## What to work on:
Please repeat the lines below exactly. Begin with the line containing "assert (H : Rbar_le" and go on through the line containing "Lemma is_derive_continuity_pt (g".

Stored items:

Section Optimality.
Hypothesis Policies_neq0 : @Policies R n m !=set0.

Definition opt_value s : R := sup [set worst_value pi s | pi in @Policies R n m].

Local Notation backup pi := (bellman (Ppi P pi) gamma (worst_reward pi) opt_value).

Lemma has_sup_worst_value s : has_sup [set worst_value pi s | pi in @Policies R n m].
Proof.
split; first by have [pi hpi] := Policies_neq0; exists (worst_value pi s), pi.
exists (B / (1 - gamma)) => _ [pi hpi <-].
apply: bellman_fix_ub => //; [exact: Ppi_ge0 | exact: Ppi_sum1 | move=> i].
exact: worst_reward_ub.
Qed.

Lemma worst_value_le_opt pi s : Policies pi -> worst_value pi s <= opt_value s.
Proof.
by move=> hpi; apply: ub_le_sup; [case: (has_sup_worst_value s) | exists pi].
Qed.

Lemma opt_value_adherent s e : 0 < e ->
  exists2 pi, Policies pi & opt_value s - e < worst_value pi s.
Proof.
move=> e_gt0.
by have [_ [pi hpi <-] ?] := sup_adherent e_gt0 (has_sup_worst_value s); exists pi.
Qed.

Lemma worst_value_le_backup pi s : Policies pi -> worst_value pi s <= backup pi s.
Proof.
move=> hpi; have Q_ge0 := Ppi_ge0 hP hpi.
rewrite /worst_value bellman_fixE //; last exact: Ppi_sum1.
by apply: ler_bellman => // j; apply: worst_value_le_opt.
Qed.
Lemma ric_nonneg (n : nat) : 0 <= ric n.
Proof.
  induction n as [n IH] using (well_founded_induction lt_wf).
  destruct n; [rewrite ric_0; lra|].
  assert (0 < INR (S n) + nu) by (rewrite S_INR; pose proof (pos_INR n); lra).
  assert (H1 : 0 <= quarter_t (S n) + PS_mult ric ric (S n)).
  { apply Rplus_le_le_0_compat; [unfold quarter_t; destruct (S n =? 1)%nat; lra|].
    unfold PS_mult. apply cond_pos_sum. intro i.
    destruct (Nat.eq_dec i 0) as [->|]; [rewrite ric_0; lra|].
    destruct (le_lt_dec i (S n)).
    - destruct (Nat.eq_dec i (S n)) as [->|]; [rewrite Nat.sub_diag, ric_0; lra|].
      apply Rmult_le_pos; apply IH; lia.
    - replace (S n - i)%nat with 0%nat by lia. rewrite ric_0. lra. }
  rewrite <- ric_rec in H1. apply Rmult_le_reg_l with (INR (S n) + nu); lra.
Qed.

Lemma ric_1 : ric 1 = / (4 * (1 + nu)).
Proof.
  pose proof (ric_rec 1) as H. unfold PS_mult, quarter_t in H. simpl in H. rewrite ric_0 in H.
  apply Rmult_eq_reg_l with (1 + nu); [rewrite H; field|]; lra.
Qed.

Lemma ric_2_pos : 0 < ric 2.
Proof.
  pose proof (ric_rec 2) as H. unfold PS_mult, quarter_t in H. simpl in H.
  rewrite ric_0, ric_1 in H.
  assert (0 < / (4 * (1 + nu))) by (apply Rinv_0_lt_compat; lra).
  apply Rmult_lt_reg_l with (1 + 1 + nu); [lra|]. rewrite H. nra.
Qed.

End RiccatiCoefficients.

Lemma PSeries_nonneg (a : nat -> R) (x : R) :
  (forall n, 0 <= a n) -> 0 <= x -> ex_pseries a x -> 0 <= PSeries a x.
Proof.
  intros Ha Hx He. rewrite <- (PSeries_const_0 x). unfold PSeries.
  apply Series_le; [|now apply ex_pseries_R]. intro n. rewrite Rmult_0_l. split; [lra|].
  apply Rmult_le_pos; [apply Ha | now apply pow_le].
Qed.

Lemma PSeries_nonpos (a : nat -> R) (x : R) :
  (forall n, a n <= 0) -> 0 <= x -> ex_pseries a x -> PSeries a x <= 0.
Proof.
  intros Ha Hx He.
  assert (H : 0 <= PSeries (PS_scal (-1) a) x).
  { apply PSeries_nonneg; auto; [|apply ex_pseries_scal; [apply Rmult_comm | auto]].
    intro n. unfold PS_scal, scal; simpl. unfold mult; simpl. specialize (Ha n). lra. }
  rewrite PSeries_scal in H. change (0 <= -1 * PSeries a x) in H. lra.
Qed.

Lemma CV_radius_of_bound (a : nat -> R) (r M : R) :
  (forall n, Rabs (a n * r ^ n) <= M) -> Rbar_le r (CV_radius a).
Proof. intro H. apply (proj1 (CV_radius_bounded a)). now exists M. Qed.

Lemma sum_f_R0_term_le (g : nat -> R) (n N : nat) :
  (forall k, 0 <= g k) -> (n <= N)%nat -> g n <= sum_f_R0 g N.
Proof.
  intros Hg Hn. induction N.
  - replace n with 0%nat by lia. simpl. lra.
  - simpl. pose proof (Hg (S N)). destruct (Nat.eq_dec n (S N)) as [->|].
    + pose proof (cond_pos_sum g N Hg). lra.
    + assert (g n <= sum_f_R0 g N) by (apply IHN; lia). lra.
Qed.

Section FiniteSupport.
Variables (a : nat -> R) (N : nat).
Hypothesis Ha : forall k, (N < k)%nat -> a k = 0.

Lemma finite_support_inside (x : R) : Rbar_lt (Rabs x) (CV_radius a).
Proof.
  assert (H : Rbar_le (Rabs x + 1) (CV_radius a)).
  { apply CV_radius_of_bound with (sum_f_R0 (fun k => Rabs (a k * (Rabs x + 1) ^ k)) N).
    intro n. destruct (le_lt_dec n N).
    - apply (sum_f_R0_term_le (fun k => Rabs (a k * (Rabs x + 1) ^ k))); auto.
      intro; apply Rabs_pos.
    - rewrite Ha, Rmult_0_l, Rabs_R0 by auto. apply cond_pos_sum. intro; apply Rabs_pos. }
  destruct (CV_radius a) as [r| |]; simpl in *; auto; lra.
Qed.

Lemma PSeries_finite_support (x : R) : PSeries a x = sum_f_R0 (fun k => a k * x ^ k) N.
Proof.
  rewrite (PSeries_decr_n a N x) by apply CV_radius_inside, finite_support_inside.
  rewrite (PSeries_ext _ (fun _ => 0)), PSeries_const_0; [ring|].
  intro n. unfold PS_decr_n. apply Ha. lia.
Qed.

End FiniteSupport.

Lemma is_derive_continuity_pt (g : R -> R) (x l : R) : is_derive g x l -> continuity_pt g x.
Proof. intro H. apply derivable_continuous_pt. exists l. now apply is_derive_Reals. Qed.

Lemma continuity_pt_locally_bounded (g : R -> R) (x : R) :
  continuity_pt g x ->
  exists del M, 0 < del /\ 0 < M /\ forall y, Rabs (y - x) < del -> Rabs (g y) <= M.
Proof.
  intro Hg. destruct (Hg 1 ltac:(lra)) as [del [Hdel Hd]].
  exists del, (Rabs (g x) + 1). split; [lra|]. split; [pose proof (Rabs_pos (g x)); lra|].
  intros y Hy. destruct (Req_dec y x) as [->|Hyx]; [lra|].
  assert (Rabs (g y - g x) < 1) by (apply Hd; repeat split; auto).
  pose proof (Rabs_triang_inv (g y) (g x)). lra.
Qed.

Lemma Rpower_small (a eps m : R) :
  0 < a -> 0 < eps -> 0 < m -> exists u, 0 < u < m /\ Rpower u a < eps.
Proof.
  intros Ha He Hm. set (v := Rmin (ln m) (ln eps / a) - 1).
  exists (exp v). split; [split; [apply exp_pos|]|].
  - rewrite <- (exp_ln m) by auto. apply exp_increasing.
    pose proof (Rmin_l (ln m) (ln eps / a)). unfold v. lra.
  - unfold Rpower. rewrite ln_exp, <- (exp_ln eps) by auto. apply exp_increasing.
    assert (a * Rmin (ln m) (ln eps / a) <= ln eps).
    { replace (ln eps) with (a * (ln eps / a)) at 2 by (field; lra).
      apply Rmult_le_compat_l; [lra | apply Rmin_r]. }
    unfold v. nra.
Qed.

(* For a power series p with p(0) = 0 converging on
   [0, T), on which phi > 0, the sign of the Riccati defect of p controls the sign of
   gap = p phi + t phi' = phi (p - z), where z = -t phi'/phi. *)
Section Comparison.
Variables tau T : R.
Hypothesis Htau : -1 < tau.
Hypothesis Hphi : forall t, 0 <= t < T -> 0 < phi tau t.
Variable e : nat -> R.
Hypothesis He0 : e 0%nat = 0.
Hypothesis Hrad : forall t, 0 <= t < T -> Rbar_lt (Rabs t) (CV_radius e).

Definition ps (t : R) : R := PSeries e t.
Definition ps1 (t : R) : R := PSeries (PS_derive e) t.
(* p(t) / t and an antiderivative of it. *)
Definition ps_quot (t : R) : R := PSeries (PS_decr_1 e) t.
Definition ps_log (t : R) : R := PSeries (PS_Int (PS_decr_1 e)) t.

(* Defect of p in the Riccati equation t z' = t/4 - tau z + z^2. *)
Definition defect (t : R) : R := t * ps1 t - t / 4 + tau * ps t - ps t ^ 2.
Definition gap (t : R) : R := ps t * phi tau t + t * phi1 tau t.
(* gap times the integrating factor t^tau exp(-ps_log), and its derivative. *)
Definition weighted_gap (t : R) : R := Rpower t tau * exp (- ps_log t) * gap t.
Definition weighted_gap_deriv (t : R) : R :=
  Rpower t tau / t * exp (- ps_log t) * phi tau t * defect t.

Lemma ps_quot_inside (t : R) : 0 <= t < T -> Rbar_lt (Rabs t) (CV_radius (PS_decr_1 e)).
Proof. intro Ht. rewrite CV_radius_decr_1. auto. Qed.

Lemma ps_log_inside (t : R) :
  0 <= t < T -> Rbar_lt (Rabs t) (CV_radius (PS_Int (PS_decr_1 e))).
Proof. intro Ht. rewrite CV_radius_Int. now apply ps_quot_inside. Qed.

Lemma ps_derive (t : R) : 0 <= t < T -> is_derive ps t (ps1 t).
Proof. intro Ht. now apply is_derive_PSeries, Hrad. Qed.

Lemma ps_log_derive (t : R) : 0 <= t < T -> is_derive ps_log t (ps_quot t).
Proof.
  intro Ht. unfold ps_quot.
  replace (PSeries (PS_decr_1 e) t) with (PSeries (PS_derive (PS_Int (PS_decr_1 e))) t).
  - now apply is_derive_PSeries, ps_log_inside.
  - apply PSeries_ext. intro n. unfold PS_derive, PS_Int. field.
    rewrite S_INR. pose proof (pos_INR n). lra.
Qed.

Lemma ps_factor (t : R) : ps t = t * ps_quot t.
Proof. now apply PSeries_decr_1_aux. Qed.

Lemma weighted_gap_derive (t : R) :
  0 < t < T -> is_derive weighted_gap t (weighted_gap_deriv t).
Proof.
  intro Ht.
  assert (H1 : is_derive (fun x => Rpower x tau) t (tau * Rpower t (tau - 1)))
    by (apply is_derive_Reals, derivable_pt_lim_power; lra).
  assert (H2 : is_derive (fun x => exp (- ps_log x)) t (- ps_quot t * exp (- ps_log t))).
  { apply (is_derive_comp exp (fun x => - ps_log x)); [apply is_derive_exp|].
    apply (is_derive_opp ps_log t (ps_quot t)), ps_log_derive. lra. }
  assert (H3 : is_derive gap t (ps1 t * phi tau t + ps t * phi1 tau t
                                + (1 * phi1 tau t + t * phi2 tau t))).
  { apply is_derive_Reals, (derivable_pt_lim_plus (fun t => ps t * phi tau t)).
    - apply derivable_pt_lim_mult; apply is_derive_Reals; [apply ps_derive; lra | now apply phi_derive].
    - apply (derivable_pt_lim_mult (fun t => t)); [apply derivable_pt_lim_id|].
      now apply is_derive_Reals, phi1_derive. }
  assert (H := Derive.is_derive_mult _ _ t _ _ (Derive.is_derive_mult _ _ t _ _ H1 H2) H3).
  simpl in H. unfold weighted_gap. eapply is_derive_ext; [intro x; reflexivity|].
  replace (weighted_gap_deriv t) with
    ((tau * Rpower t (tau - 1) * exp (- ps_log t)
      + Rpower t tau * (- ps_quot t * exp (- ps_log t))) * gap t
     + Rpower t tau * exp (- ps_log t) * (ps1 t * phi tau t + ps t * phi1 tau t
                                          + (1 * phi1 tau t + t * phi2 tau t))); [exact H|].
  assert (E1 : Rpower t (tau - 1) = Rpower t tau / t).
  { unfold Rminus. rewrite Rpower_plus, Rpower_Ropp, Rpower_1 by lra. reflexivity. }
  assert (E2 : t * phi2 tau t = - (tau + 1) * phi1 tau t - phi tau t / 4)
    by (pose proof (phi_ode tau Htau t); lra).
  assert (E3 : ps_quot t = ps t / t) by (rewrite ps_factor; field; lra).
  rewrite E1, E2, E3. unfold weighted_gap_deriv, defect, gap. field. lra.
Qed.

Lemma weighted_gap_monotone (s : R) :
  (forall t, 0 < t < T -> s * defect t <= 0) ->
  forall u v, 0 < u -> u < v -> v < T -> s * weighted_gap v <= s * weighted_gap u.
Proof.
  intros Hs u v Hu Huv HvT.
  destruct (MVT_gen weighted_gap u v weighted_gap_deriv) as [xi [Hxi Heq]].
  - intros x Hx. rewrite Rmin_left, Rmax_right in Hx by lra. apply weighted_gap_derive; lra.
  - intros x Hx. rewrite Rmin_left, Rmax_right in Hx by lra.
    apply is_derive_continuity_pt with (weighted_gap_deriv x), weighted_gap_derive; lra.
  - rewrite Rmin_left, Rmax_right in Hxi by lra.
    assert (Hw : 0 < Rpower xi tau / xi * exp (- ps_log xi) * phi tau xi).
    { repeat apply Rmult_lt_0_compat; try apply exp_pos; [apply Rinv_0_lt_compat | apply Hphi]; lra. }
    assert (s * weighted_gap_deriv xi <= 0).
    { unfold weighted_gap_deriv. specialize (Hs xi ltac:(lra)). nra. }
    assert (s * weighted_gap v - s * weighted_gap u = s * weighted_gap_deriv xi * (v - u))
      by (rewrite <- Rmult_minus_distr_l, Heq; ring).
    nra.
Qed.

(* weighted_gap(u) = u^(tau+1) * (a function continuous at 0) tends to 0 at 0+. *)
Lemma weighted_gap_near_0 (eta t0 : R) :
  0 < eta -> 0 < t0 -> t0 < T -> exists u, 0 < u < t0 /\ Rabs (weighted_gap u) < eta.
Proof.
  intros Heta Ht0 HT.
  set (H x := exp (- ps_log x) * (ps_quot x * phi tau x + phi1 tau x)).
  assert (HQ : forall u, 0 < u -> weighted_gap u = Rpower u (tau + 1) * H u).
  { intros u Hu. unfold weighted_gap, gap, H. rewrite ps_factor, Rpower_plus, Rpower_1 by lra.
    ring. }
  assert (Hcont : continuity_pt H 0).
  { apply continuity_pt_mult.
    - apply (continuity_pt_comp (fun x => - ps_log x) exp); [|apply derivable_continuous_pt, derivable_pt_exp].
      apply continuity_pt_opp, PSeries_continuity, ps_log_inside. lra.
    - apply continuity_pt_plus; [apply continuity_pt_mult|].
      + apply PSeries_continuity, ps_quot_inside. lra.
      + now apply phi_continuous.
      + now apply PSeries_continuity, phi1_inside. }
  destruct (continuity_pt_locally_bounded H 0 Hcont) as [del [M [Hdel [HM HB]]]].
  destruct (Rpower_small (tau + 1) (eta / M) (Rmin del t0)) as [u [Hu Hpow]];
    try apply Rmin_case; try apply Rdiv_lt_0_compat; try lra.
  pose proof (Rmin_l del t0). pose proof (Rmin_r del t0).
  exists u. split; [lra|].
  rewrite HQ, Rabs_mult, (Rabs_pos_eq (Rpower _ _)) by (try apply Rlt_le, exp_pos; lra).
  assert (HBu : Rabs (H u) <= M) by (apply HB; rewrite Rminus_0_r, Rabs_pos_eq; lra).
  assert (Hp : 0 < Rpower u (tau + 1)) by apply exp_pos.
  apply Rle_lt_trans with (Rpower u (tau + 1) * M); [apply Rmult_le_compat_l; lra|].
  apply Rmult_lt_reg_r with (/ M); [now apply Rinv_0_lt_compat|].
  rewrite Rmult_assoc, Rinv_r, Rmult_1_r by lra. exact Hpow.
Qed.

## Output for this task:
  assert (H : Rbar_le (Rabs x + 1) (CV_radius a)).
  { apply CV_radius_of_bound with (sum_f_R0 (fun k => Rabs (a k * (Rabs x + 1) ^ k)) N).
    intro n. destruct (le_lt_dec n N).
    - apply (sum_f_R0_term_le (fun k => Rabs (a k * (Rabs x + 1) ^ k))); auto.
      intro; apply Rabs_pos.
    - rewrite Ha, Rmult_0_l, Rabs_R0 by auto. apply cond_pos_sum. intro; apply Rabs_pos. }
  destruct (CV_radius a) as [r| |]; simpl in *; auto; lra.
Qed.

Lemma PSeries_finite_support (x : R) : PSeries a x = sum_f_R0 (fun k => a k * x ^ k) N.
Proof.
  rewrite (PSeries_decr_n a N x) by apply CV_radius_inside, finite_support_inside.
  rewrite (PSeries_ext _ (fun _ => 0)), PSeries_const_0; [ring|].
  intro n. unfold PS_decr_n. apply Ha. lia.
Qed.

End FiniteSupport.

Lemma is_derive_continuity_pt (g : R -> R) (x l : R) : is_derive g x l -> continuity_pt g x.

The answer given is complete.